Saifai is a large village and university town in the Etawah district of the Indian state of Uttar Pradesh. It is also a sub-division (Tehsil) and Block (Kshetra Panchayat) of the Etawah district. It is the birthplace of Mulayam Singh Yadav, the founding president of the Samajwadi Party, former Minister of Defence in India, and former Chief Minister of Uttar Pradesh.

==Geography==
Saifai, categorised as a village, is situated in Etawah district at the border with Mainpuri district. Its geographical location falls under Ganges-Yamuna Doab of Uttar Pradesh.

Saifai village has an area of 887.47 hectares and Saifai Block (Kshetra Panchayat) is 20,403.30 hectares. Saifai is located 23 km north from the nearest city Etawah. Saifai is about 110 km away from the historic city of Taj Mahal, Agra and 230 km from the State capital Lucknow.

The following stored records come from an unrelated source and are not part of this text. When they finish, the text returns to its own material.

(* Let $T_1,T_2\in B(H)$ satisfy $\|T_1T_1^*+T_2T_2^*\|\le1$, and let $p(t)=\sum_{j=0}^Nc_jt^j$ be a polynomial in one complex variable. Then $$\|p(T_1)T_2\|\le\Big(\int_{\mathbb T}|p(t)|^2\,dm(t)\Big)^{1/2}=\Big(\sum_{j=0}^N|c_j|^2\Big)^{1/2},$$ where $m$ is normalized Lebesgue measure on the unit circle $\mathbb T$.
   Context: $H$ is a Hilbert space and $\|\cdot\|$ the operator norm on $B(H)$. *)

From HB Require Import structures.
From mathcomp Require Import all_boot all_order all_algebra.
From mathcomp Require Import all_classical all_reals all_analysis.
From mathcomp Require Import complex.
Set Implicit Arguments.
Unset Strict Implicit.
Unset Printing Implicit Defensive.
Import Order.TTheory GRing.Theory Num.Theory.
Local Open Scope ring_scope.
Local Open Scope classical_set_scope.

Section Hilbert.
Variable R : realType.
Variable V : lmodType (complex R).
Variable ip : V -> V -> complex R.

Definition hnorm (x : V) : R := Num.sqrt (complex.Re (ip x x)).

Definition is_hilbert : Prop :=
  [/\ (forall (a : complex R) (x y z : V), ip (a *: x + y) z = a * ip x z + ip y z),
      (forall x y : V, ip y x = conjc (ip x y)),
      (forall x : V, complex.Im (ip x x) = 0 /\ 0 <= complex.Re (ip x x)),
      (forall x : V, ip x x = 0 -> x = 0)
    & (forall u : nat -> V,
         (forall e : R, 0 < e -> exists N : nat, forall m n : nat,
            (N <= m)%N -> (N <= n)%N -> hnorm (u m - u n) < e) ->
         exists l : V, forall e : R, 0 < e -> exists N : nat, forall n : nat,
            (N <= n)%N -> hnorm (u n - l) < e)].

Definition bounded_op (T : V -> V) : Prop :=
  (forall (a : complex R) (x y : V), T (a *: x + y) = a *: T x + T y) /\
  exists M : R, forall x : V, hnorm (T x) <= M * hnorm x.

Definition is_adjoint (T S : V -> V) : Prop :=
  forall x y : V, ip (T x) y = ip x (S y).

Definition opnorm (T : V -> V) : R :=
  sup [set hnorm (T x) | x in [set x : V | hnorm x <= 1]].

Definition poly_op (p : {poly complex R}) (T : V -> V) : V -> V :=
  fun x => \sum_(j < size p) p`_j *: iter j T x.
End Hilbert.

Definition expi (R : realType) (t : R) : complex R := Complex (cos t) (sin t).

From HB Require Import structures.
From mathcomp Require Import all_boot all_order all_algebra.
From mathcomp Require Import all_classical all_reals all_analysis.
From mathcomp Require Import complex.
From mathcomp Require Import ring lra.
Import Order.TTheory GRing.Theory Num.Theory.
Import numFieldNormedType.Exports.
Local Open Scope ring_scope.
Local Open Scope classical_set_scope.
Set Implicit Arguments.
Unset Strict Implicit.

(* Parseval: |p(e^{it})|^2 = sum_{j,k} Re (c_j conj(c_k) e^{i(j-k)t}), and every term
   with j <> k has a 2pi-periodic primitive, so integration over [0, 2pi] keeps only
   the diagonal sum_j |c_j|^2.
   Operator bound: writing T1s, T2s for the adjoints, <(T1 T1s + T2 T2s) w, w> <= |w|^2
   reads |T1s w|^2 + |T2s w|^2 <= |w|^2, which telescopes along w = T1s^j z to
   sum_j |T2s T1s^j z|^2 <= |z|^2.  For z = p(T1) T2 x, two applications of
   Cauchy-Schwarz give |z|^2 = sum_j Re <c_j x, T2s T1s^j z>
   <= |x| (sum_j |c_j|^2)^(1/2) |z|. *)

Local Notation normc := ComplexField.Normc.normc.
Local Notation Re := complex.Re.
Local Notation Im := complex.Im.

Lemma normc_sqr (R : rcfType) (z : complex R) : normc z ^+ 2 = Re z ^+ 2 + Im z ^+ 2.
Proof. by case: z => u v /=; rewrite sqr_sqrtr // addr_ge0 ?sqr_ge0. Qed.

Lemma normc_ge0 (R : rcfType) (z : complex R) : 0 <= normc z.
Proof. by case: z => u v; exact: sqrtr_ge0. Qed.

Section Parseval.
Variable R : realType.
Implicit Types (a b d t x : R) (w : complex R).

Definition wave a b d t : R := a * cos (d * t) + b * sin (d * t).

Lemma is_derive_wave a b d x :
  is_derive x 1 (wave a b d) (wave (d * b) (- (d * a)) d x).
Proof.
have lin : is_derive x 1 (fun t : R => d * t) d.
  by apply: is_derive_eq (is_deriveZ d (is_derive_id x 1)) _; rewrite /GRing.scale /= mulr1.
have := is_deriveD (is_deriveZ a (is_derive1_comp (is_derive_cos (d * x)) lin))
                   (is_deriveZ b (is_derive1_comp (is_derive_sin (d * x)) lin)).
by move=> /is_derive_eq; apply; rewrite /wave /GRing.scale /=; ring.
Qed.

Lemma continuous_of_is_derive (f f' : R -> R) :
  (forall x, is_derive x 1 f (f' x)) -> continuous f.
Proof. by move=> df x; apply/differentiable_continuous/derivable1_diffP; case: (df x). Qed.

(* [harmonic w d t = Re (w * expi (d * t))] *)
Definition harmonic w d : R -> R := wave (Re w) (- Im w) d.

Definition harmonic_primitive w d : R -> R :=
  if d == 0 then fun t => Re w * t else wave (Im w / d) (Re w / d) d.

Lemma is_derive_harmonic_primitive w d x :
  is_derive x 1 (harmonic_primitive w d) (harmonic w d x).
Proof.
rewrite /harmonic_primitive /harmonic; have [->|d0] := eqVneq d 0.
  apply: is_derive_eq (is_deriveZ (Re w) (is_derive_id x 1)) _.
  by rewrite /wave /GRing.scale /= !mul0r cos0 sin0 !mulr1 mulr0 addr0.
by apply: is_derive_eq (is_derive_wave _ _ _ x) _; rewrite /wave; field.
Qed.

Lemma sin_nat_2pi (m : nat) : sin (m%:R * (2 * pi)) = 0 :> R.
Proof.
by rewrite mulr_natl (mulr_natl pi 2) -[_ *+ m]add0r (periodicn (@sinD2pi R)) sin0.
Qed.

Lemma cos_nat_2pi (m : nat) : cos (m%:R * (2 * pi)) = 1 :> R.
Proof.
by rewrite mulr_natl (mulr_natl pi 2) -[_ *+ m]add0r (periodicn (@cosD2pi R)) cos0.
Qed.

Lemma harmonic_primitive_2pi w (j k : nat) :
  harmonic_primitive w (j%:R - k%:R) (2 * pi) - harmonic_primitive w (j%:R - k%:R) 0
  = if j == k then Re w * (2 * pi) else 0.
Proof.
rewrite /harmonic_primitive subr_eq0 eqr_nat; case: eqP => _.
  by rewrite mulr0 subr0.
rewrite /wave !mulr0 sin0 cos0 !mulrBl sinB cosB !sin_nat_2pi !cos_nat_2pi; ring.
Qed.

Lemma expiX t (j : nat) : expi t ^+ j = expi (j%:R * t).
Proof.
elim: j => [|j IH]; first by rewrite expr0 mul0r /expi sin0 cos0.
rewrite exprSr IH /expi /= -natr1 mulrDl mul1r cosD sinD.
by apply/eqP; rewrite eq_complex /=; apply/andP; split; apply/eqP; ring.
Qed.

Lemma normc_horner_expi_sqr (p : {poly complex R}) t :
  normc p.[expi t] ^+ 2 = \sum_(j < size p) \sum_(k < size p)
    harmonic (p`_j * conjc p`_k) (j%:R - k%:R) t.
Proof.
rewrite normc_sqr horner_coef !raddf_sum /= !expr2 !mulr_suml -big_split /=.
apply: eq_bigr => j _; rewrite !mulr_sumr -big_split /=; apply: eq_bigr => k _.
rewrite !expiX /harmonic /wave !mulrBl cosB sinB.
by case: (p`_j) => a1 b1; case: (p`_k) => a2 b2 /=; ring.
Qed.

Lemma is_derive_sum_fun n (f : 'I_n -> R -> R) (df : 'I_n -> R) x :
  (forall i, is_derive x 1 (f i) (df i)) ->
  is_derive x 1 (fun t => \sum_(i < n) f i t) (\sum_(i < n) df i).
Proof. by move=> h; have := is_derive_sum h; rewrite fct_sumE. Qed.

Lemma integral_cc_is_derive (f F : R -> R) a b : a < b -> continuous f ->
  (forall x, is_derive x 1 F (f x)) ->
  (\int[lebesgue_measure]_(x in [set` `[a, b]]) (f x)%:E = (F b - F a)%:E)%E.
Proof.
move=> ab cf dF.
have cF := continuous_of_is_derive dF.
rewrite (_ : [set` _] = `[a, b]); last by apply/seteqP; split=> y; rewrite /= in_setE.
rewrite EFinB; apply: continuous_FTC2 => //.
- exact: continuous_subspaceT.
- split; first by move=> x _; case: (dF x).
  + exact: cvg_at_right_filter (cF a).
  + exact: cvg_at_left_filter (cF b).
- by move=> x _; rewrite derive1E (derive_val (is_derive:=dF x)).
Qed.

Theorem parseval_poly (p : {poly complex R}) :
  (((2 * pi)^-1)%R%:E *
    \int[lebesgue_measure]_(t in [set` `[0%R, (2 * pi)%R]]) (normc p.[expi t] ^+ 2)%:E
   = (\sum_(j < size p) normc p`_j ^+ 2)%:E)%E.
Proof.
pose c j k := p`_j * conjc p`_k; pose d (j k : nat) : R := j%:R - k%:R.
pose F t := \sum_(j < size p) \sum_(k < size p) harmonic_primitive (c j k) (d j k) t.
have dF x : is_derive x 1 F (normc p.[expi x] ^+ 2).
  rewrite normc_horner_expi_sqr; apply: is_derive_sum_fun => j.
  by apply: is_derive_sum_fun => k; exact: is_derive_harmonic_primitive.
have cf : continuous (fun t => normc p.[expi t] ^+ 2).
  rewrite (funext (normc_horner_expi_sqr p)); apply: continuous_of_is_derive => x.
  by apply: is_derive_sum_fun => j; apply: is_derive_sum_fun => k.
have pi2_gt0 : (0 : R) < 2 * pi by rewrite mulr_gt0 // pi_gt0.
rewrite (integral_cc_is_derive pi2_gt0 cf dF) /F -sumrB.
rewrite (eq_bigr (fun j : 'I_(size p) => Re (c j j) * (2 * pi))); last first.
  move=> j _; rewrite -sumrB (eq_bigr (fun k : 'I__ => if k == j then Re (c j j) * (2 * pi) else 0)).
    by rewrite -big_mkcond big_pred1_eq.
  by move=> k _; rewrite harmonic_primitive_2pi -val_eqE eq_sym; case: eqVneq => // ->.
rewrite -EFinM -mulr_suml mulrCA mulVf ?mulr1 ?mulf_neq0 ?gt_eqF ?pi_gt0 //.
by congr _%:E; apply: eq_bigr => j _; rewrite normc_sqr /c; case: (p`_j) => u v /=; ring.
Qed.
End Parseval.

Lemma le_of_sqr_le_mul (R : realDomainType) (a b : R) :
  0 <= a -> 0 <= b -> a ^+ 2 <= a * b -> a <= b.
Proof. move=> *; nra. Qed.

Lemma le_sqrtM_of_quadratic_ge0 (R : rcfType) (A B C : R) : 0 <= A -> 0 <= B ->
  (forall a b : R, 0 <= a ^+ 2 * A - 2 * a * b * C + b ^+ 2 * B) ->
  C <= Num.sqrt A * Num.sqrt B.
Proof.
move=> A0 B0 q_ge0; have [C_le0|C_gt0] := lerP C 0.
  by apply: le_trans C_le0 _; rewrite mulr_ge0 ?sqrtr_ge0.
have C2_le : C ^+ 2 <= A * B.
  have [A_eq0|A_neq0] := eqVneq A 0.
    (* for A = 0 the form is linear in a, hence negative somewhere unless C <= 0 *)
    have BC : (B + 1) / C * C = B + 1 by rewrite mulfVK ?gt_eqF.
    have := q_ge0 ((B + 1) / C) 1; rewrite A_eq0; nra.
  have A_gt0 : 0 < A by rewrite lt_def A_neq0 A0.
  have := q_ge0 C A; nra.
by rewrite -sqrtrM // -(ger0_norm (ltW C_gt0)) -sqrtr_sqr ler_sqrt // mulr_ge0.
Qed.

==Saifai Tehsil and Block==
Saifai is a Sub-Division (Tehsil) and Block (Kshetra Panchayat) of Etawah district, Uttar Pradesh. There are about 60 villages in Saifai block. Saifai Block (Kshetra Panchayat) comes under Jaswantnagar Vidhan Sabha constituency and Mainpuri Lok Sabha constituency.

==Education==

=== Universities ===
- Uttar Pradesh University of Medical Sciences (formerly U.P. Rural Institute of Medical Sciences and Research) is a medical research public university established by the Government of Uttar Pradesh under Act 15 of 2016. The university has a Medical College, Paramedical College, Nursing College, Pharmacy College, multispeciality 850-bed hospital, and a 150-bed trauma and burn centre. A super specialty hospital with 500 beds has also been established in the university by the Government of Uttar Pradesh.

===Colleges===
- Pharmacy College Saifai, established in 2015, was the first government aided pharmacy college run by the Uttar Pradesh Government. Earlier affiliated with UPTU, it is now part of the Uttar Pradesh University of Medical Sciences.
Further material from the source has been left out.